On 10/3/2006 at 9:08 PM Teo Zenios wrote:
Another Ebay find came in today, a 486 EISA motherboard
and 5 cards.
The motherboards seems to be this model:
http://artofhacking.com/th99/m/U-Z/31111.htm , but I can't find a company
name on it anywhere. It has 8 EISA slots seems to be setup for a 486 DX.
it looks like there are 2 DALLAS real time clocks on it, and the machine
complains the eisa config battery is low. Are there any cheap hacks to get
around this?
Only one of these is an RTC chip, the other (DS1225V) is an 8Kx8 NVRAM. I
wonder if it might be simplest to replace this one with a similar FRAM
(Ramtron FM-1608) and be done with the battery issue, at least on the one
chip. The Ramtron chip is also cheaper than NOS DS1225Vs, BTW. You might
also be able to carve into the encapsulation with a Dremel to get at the
lithium cell as a very cheap dodge.
As far as the DS1287 RTC, it's been discussed on the list before (you can
carve into the epoxy and tie into the lithium cell contacts, or you can
just replace the chip).
http://www.maxim-ic.com/appnotes.cfm/appnote_number/503 has notes on
replacement.
Cheers,
Chuck
The cards that came are the following (all EISA):
HP 10Mb and 100Mb network card has a HP/AT&T 100VG chip
Aview 2e Video card, 1MB VRAM
Adaptec AHA-2740 and AHA-2740A SCSI 50 pin (no floppy controller) SCSI
cards
Mylex DAC960-1/2 caching controller card with what looks like 16MB (maybe
4MB) of RAM installed (4x30 pin). The card has a nice big Intel i960 chip
(first one I have).
When the machine boots I don't see any info on what processor the system
has like you would normally see on a 486 system, and no BIOS screen for
the SCSI cards comes up either (not that there is anything connected to
them). The caching controller is odd looking because of the large SCSI
connectors ( there appears to be a 50 pin SCSI internal , and 2 68 pin
SCSI (one looks like a normal 50 pin but its long and has 68 pins, the
other looks like a 68pin connector on newer cards but the pin spacing
makes it look 3x longer). Is this a raid only card and do I need special
cables for the 68 pin connectors or are there adapters for these?>
I never used an EISA machine before (one of the reason I snagged these)

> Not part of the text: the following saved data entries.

(* Let $F$ be a countable subfield of $\mathbb{R}$, and let $\varphi=\exists x_1\cdots\exists x_n\,\psi(x_1,\ldots,x_n)$ where $\psi$ is quantifier-free in the language $\{0,1,+,\times,<\}$. Then there exist $a_1,\ldots,a_n\in F$ such that $\psi(a_1,\ldots,a_n)$ holds in $\mathbb{R}$ if and only if for every model $\mathcal M$ of $T[F]^*$ there exist $b_1,\ldots,b_n$ in $\mathcal M$ with $\mathcal M\models\psi(b_1,\ldots,b_n)$ and $\mathcal M\models b_i\times(1+b_i)=b_i+(b_i\times b_i)$ for each $i$.
   Context: $T[F]^*$ is the theory in the language $\{0,1,+,\times,<\}\cup\{c_a: a\in F\}$ ($c_a$ constant symbols) with axioms: (1) $0,+,<$ form an ordered abelian group; (2) the positive elements form a divisible ordered abelian group under $\times$ with identity $1$ and order $<$; (3a) $c_{a+b}=c_a+c_b$, (3b) $c_{ab}=c_a\times c_b$, for $a,b\in F$; (3c) $0<c_a$ for $a\in F$, $a>0$; (4a) $c_{a+b}\times x=(c_a\times x)+(c_b\times x)$ and (4b) $c_a\times(x+y)=(c_a\times x)+(c_a\times y)$, for all $a,b\in F$ and all $x,y$. *)

From Stdlib Require Import Reals.
From Stdlib Require Fin.
Open Scope R_scope.

Record is_subfield (F : R -> Prop) : Prop := {
  sf_0 : F 0;
  sf_1 : F 1;
  sf_add : forall x y, F x -> F y -> F (x + y);
  sf_opp : forall x, F x -> F (- x);
  sf_mul : forall x y, F x -> F y -> F (x * y);
  sf_inv : forall x, F x -> x <> 0 -> F (/ x)
}.

Definition countable_set (F : R -> Prop) : Prop :=
  exists f : {x : R | F x} -> nat, forall u v, f u = f v -> u = v.

Inductive term (n : nat) : Type :=
| Tvar : Fin.t n -> term n
| Tzero : term n
| Tone : term n
| Tadd : term n -> term n -> term n
| Tmul : term n -> term n -> term n.

Inductive qf_formula (n : nat) : Type :=
| Feq : term n -> term n -> qf_formula n
| Flt : term n -> term n -> qf_formula n
| Fnot : qf_formula n -> qf_formula n
| Fand : qf_formula n -> qf_formula n -> qf_formula n
| For : qf_formula n -> qf_formula n -> qf_formula n.

Arguments Tvar {n}. Arguments Tzero {n}. Arguments Tone {n}.
Arguments Tadd {n}. Arguments Tmul {n}.
Arguments Feq {n}. Arguments Flt {n}. Arguments Fnot {n}.
Arguments Fand {n}. Arguments For {n}.

(** Structures for the language {0,1,+,x,<} U {c_a : a in F}.
    The constants are given by a map [cst : R -> car]; only its values on F
    matter (c_a for a in F). *)
Record LStruct : Type := {
  car : Type;
  zeroM : car;
  oneM : car;
  addM : car -> car -> car;
  mulM : car -> car -> car;
  ltM : car -> car -> Prop;
  cst : R -> car
}.

Fixpoint eval_term {n} (M : LStruct) (v : Fin.t n -> car M) (t : term n) : car M :=
  match t with
  | Tvar i => v i
  | Tzero => zeroM M
  | Tone => oneM M
  | Tadd t1 t2 => addM M (eval_term M v t1) (eval_term M v t2)
  | Tmul t1 t2 => mulM M (eval_term M v t1) (eval_term M v t2)
  end.

Fixpoint sat {n} (M : LStruct) (v : Fin.t n -> car M) (f : qf_formula n) : Prop :=
  match f with
  | Feq t1 t2 => eval_term M v t1 = eval_term M v t2
  | Flt t1 t2 => ltM M (eval_term M v t1) (eval_term M v t2)
  | Fnot g => ~ sat M v g
  | Fand g h => sat M v g /\ sat M v h
  | For g h => sat M v g \/ sat M v h
  end.

Definition Rstruct : LStruct :=
  {| car := R; zeroM := 0; oneM := 1; addM := Rplus; mulM := Rmult;
     ltM := Rlt; cst := fun a => a |}.

Fixpoint powM (M : LStruct) (x : car M) (k : nat) : car M :=
  match k with
  | O => x
  | S k' => mulM M x (powM M x k')
  end.
(* powM M x k = x^(k+1) *)

Record model_TF (F : R -> Prop) (M : LStruct) : Prop := {
  (* (1) 0, +, < form an ordered abelian group *)
  ax_add_assoc : forall x y z, addM M x (addM M y z) = addM M (addM M x y) z;
  ax_add_comm : forall x y, addM M x y = addM M y x;
  ax_add_0 : forall x, addM M (zeroM M) x = x;
  ax_add_inv : forall x, exists y, addM M x y = zeroM M;
  ax_lt_irrefl : forall x, ~ ltM M x x;
  ax_lt_trans : forall x y z, ltM M x y -> ltM M y z -> ltM M x z;
  ax_lt_total : forall x y, ltM M x y \/ x = y \/ ltM M y x;
  ax_lt_add : forall x y z, ltM M x y -> ltM M (addM M x z) (addM M y z);
  (* (2) positive elements form a divisible ordered abelian group under x,
     with identity 1 and order < *)
  ax_pos_1 : ltM M (zeroM M) (oneM M);
  ax_pos_mul_closed : forall x y, ltM M (zeroM M) x -> ltM M (zeroM M) y ->
      ltM M (zeroM M) (mulM M x y);
  ax_pos_mul_assoc : forall x y z, ltM M (zeroM M) x -> ltM M (zeroM M) y ->
      ltM M (zeroM M) z -> mulM M x (mulM M y z) = mulM M (mulM M x y) z;
  ax_pos_mul_comm : forall x y, ltM M (zeroM M) x -> ltM M (zeroM M) y ->
      mulM M x y = mulM M y x;
  ax_pos_mul_1 : forall x, ltM M (zeroM M) x -> mulM M (oneM M) x = x;
  ax_pos_mul_inv : forall x, ltM M (zeroM M) x ->
      exists y, ltM M (zeroM M) y /\ mulM M x y = oneM M;
  ax_pos_lt_mul : forall x y z, ltM M (zeroM M) x -> ltM M (zeroM M) y ->
      ltM M (zeroM M) z -> ltM M x y -> ltM M (mulM M x z) (mulM M y z);
  ax_pos_divisible : forall (k : nat) x, ltM M (zeroM M) x ->
      exists y, ltM M (zeroM M) y /\ powM M y k = x;
  ax_cst_add : forall a b, F a -> F b -> cst M (a + b) = addM M (cst M a) (cst M b);
  ax_cst_mul : forall a b, F a -> F b -> cst M (a * b) = mulM M (cst M a) (cst M b);
  ax_cst_pos : forall a, F a -> 0 < a -> ltM M (zeroM M) (cst M a);
  (* (4) distributivity with constants *)
  ax_cst_distr_l : forall a b x, F a -> F b ->
      mulM M (cst M (a + b)) x = addM M (mulM M (cst M a) x) (mulM M (cst M b) x);
  ax_cst_distr_r : forall a x y, F a ->
      mulM M (cst M a) (addM M x y) = addM M (mulM M (cst M a) x) (mulM M (cst M a) y)
}.

(* The constants [c_a] of any model of T[F]^* form an ordered copy of [F] closed under
   the operations, and [c_a (1 + c_a) = c_a + c_a c_a] is an instance of axiom (4b), so
   solutions in [F] transfer to every model.

   Conversely it suffices to build one model in which every solution of
   [x (1 + x) = x + x x] is a constant [c_a] with [a] in [F]. Its elements are the
   finitely supported [f : R -> R], read as formal sums of [f q * t^q], with pointwise
   addition and the order given by the sign of the leading coefficient. A positive
   element [c t^d (1 + y)] is sent by an order isomorphism to the ordered divisible group
   [R x R x tails], and the product of positive elements is transported from addition
   there, while products by constants are plain scalings. The isomorphism is twisted on
   purpose: degrees pass through the signed square, tails through an invertible cubic
   map, and a flag records whether the leading coefficient lies in [F]. Comparing
   coefficients in [x (1 + x) = x + x x] then forces degree 0, a leading coefficient in
   [F] and a zero tail. *)

From Stdlib Require Import Reals Lra List.
From Stdlib Require Import Classical ClassicalEpsilon FunctionalExtensionality ProofIrrelevance.
From Stdlib Require Fin.
Open Scope R_scope.

(** * Constants in a model of T[F]^* *)

Definition one_distrib (M : LStruct) (x : car M) : Prop :=
  mulM M x (addM M (oneM M) x) = addM M x (mulM M x x).

Section ModelFacts.

Variables (F : R -> Prop) (M : LStruct).
Hypotheses (HF : is_subfield F) (HM : model_TF F M).

Lemma addM_cancel_r (x y z : car M) : addM M x z = addM M y z -> x = y.
Proof.
  intro E. destruct (ax_add_inv F M HM z) as [w Hw].
  assert (K : forall u, addM M (addM M u z) w = u).
  { intro u. rewrite <- (ax_add_assoc F M HM), Hw, (ax_add_comm F M HM), (ax_add_0 F M HM).
    reflexivity. }
  rewrite <- (K x), <- (K y), E. reflexivity.
Qed.

Lemma cst_0 : cst M 0 = zeroM M.
Proof.
  apply (addM_cancel_r _ _ (cst M 0)).
  rewrite <- (ax_cst_add F M HM) by apply (sf_0 F HF).
  rewrite Rplus_0_r, (ax_add_0 F M HM). reflexivity.
Qed.

Lemma cst_1 : cst M 1 = oneM M.
Proof.
  pose proof (sf_1 F HF) as F1.
  assert (P1 : ltM M (zeroM M) (cst M 1)) by (apply (ax_cst_pos F M HM); [exact F1 | lra]).
  pose proof (ax_pos_1 F M HM) as P0.
  destruct (ax_pos_mul_inv F M HM _ P1) as [w [Pw Hw]].
  assert (E : mulM M (mulM M (cst M 1) (cst M 1)) w = mulM M (cst M 1) w).
  { rewrite <- (ax_cst_mul F M HM) by exact F1. rewrite Rmult_1_r. reflexivity. }
  rewrite <- (ax_pos_mul_assoc F M HM), Hw, (ax_pos_mul_comm F M HM), (ax_pos_mul_1 F M HM) in E
    by assumption.
  exact E.
Qed.

Lemma cst_lt (a b : R) : F a -> F b -> a < b -> ltM M (cst M a) (cst M b).
Proof.
  intros Fa Fb ab.
  assert (Fd : F (b + - a)) by (apply (sf_add F HF), (sf_opp F HF); assumption).
  replace b with ((b + - a) + a) by ring. rewrite (ax_cst_add F M HM) by assumption.
  pose proof (ax_lt_add F M HM _ _ (cst M a) (ax_cst_pos F M HM _ Fd ltac:(lra))) as L.
  rewrite (ax_add_0 F M HM) in L. exact L.
Qed.

Lemma cst_lt_iff (a b : R) : F a -> F b -> (ltM M (cst M a) (cst M b) <-> a < b).
Proof.
  intros Fa Fb. split; [| apply cst_lt; assumption].
  intro L. destruct (Rtotal_order a b) as [ab | [ab | ab]]; [exact ab | |]; exfalso.
  - subst. exact (ax_lt_irrefl F M HM _ L).
  - exact (ax_lt_irrefl F M HM _ (ax_lt_trans F M HM _ _ _ L (cst_lt b a Fb Fa ab))).
Qed.

Lemma cst_inj (a b : R) : F a -> F b -> cst M a = cst M b -> a = b.
Proof.
  intros Fa Fb E. destruct (Rtotal_order a b) as [ab | [ab | ab]]; [| exact ab |]; exfalso.
  - pose proof (cst_lt a b Fa Fb ab) as L. rewrite E in L. exact (ax_lt_irrefl F M HM _ L).
  - pose proof (cst_lt b a Fb Fa ab) as L. rewrite E in L. exact (ax_lt_irrefl F M HM _ L).
Qed.

Lemma one_distrib_cst (a : R) : F a -> one_distrib M (cst M a).
Proof.
  intro Fa. unfold one_distrib.
  rewrite (ax_cst_distr_r F M HM), <- cst_1, <- (ax_cst_mul F M HM), Rmult_1_r
    by (exact Fa || exact (sf_1 F HF)).
  reflexivity.
Qed.

Section Valuation.

Variables (n : nat) (a : Fin.t n -> R).
Hypothesis Fa : forall i, F (a i).

Lemma F_eval_term (t : term n) : F (@eval_term n Rstruct a t).
Proof.
  induction t; simpl.
  - apply Fa.
  - apply (sf_0 F HF).
  - apply (sf_1 F HF).
  - apply (sf_add F HF); assumption.
  - apply (sf_mul F HF); assumption.
Qed.

Lemma eval_term_cst (t : term n) :
  eval_term M (fun i => cst M (a i)) t = cst M (@eval_term n Rstruct a t).
Proof.
  induction t as [i | | | t1 IH1 t2 IH2 | t1 IH1 t2 IH2]; simpl.
  - reflexivity.
  - symmetry. apply cst_0.
  - symmetry. apply cst_1.
  - rewrite IH1, IH2, (ax_cst_add F M HM) by apply F_eval_term. reflexivity.
  - rewrite IH1, IH2, (ax_cst_mul F M HM) by apply F_eval_term. reflexivity.
Qed.

Lemma sat_cst (f : qf_formula n) : sat M (fun i => cst M (a i)) f <-> sat Rstruct a f.
Proof.
  induction f as [t1 t2 | t1 t2 | g IH | g IHg h IHh | g IHg h IHh]; simpl; try tauto.
  - rewrite !eval_term_cst. split; [apply cst_inj; apply F_eval_term | intros ->; reflexivity].
  - rewrite !eval_term_cst. apply cst_lt_iff; apply F_eval_term.
Qed.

and was wondering if there is anything special about them. Is there a
standard configuration utility for EISA cards or do you need to find one
for each card?
Also since this machine is all EISA slots would putting an ISA card in one
of them slow the BUS down? I need to find an EISA floppy and I/O card to
complete this, anybody have one they don't need?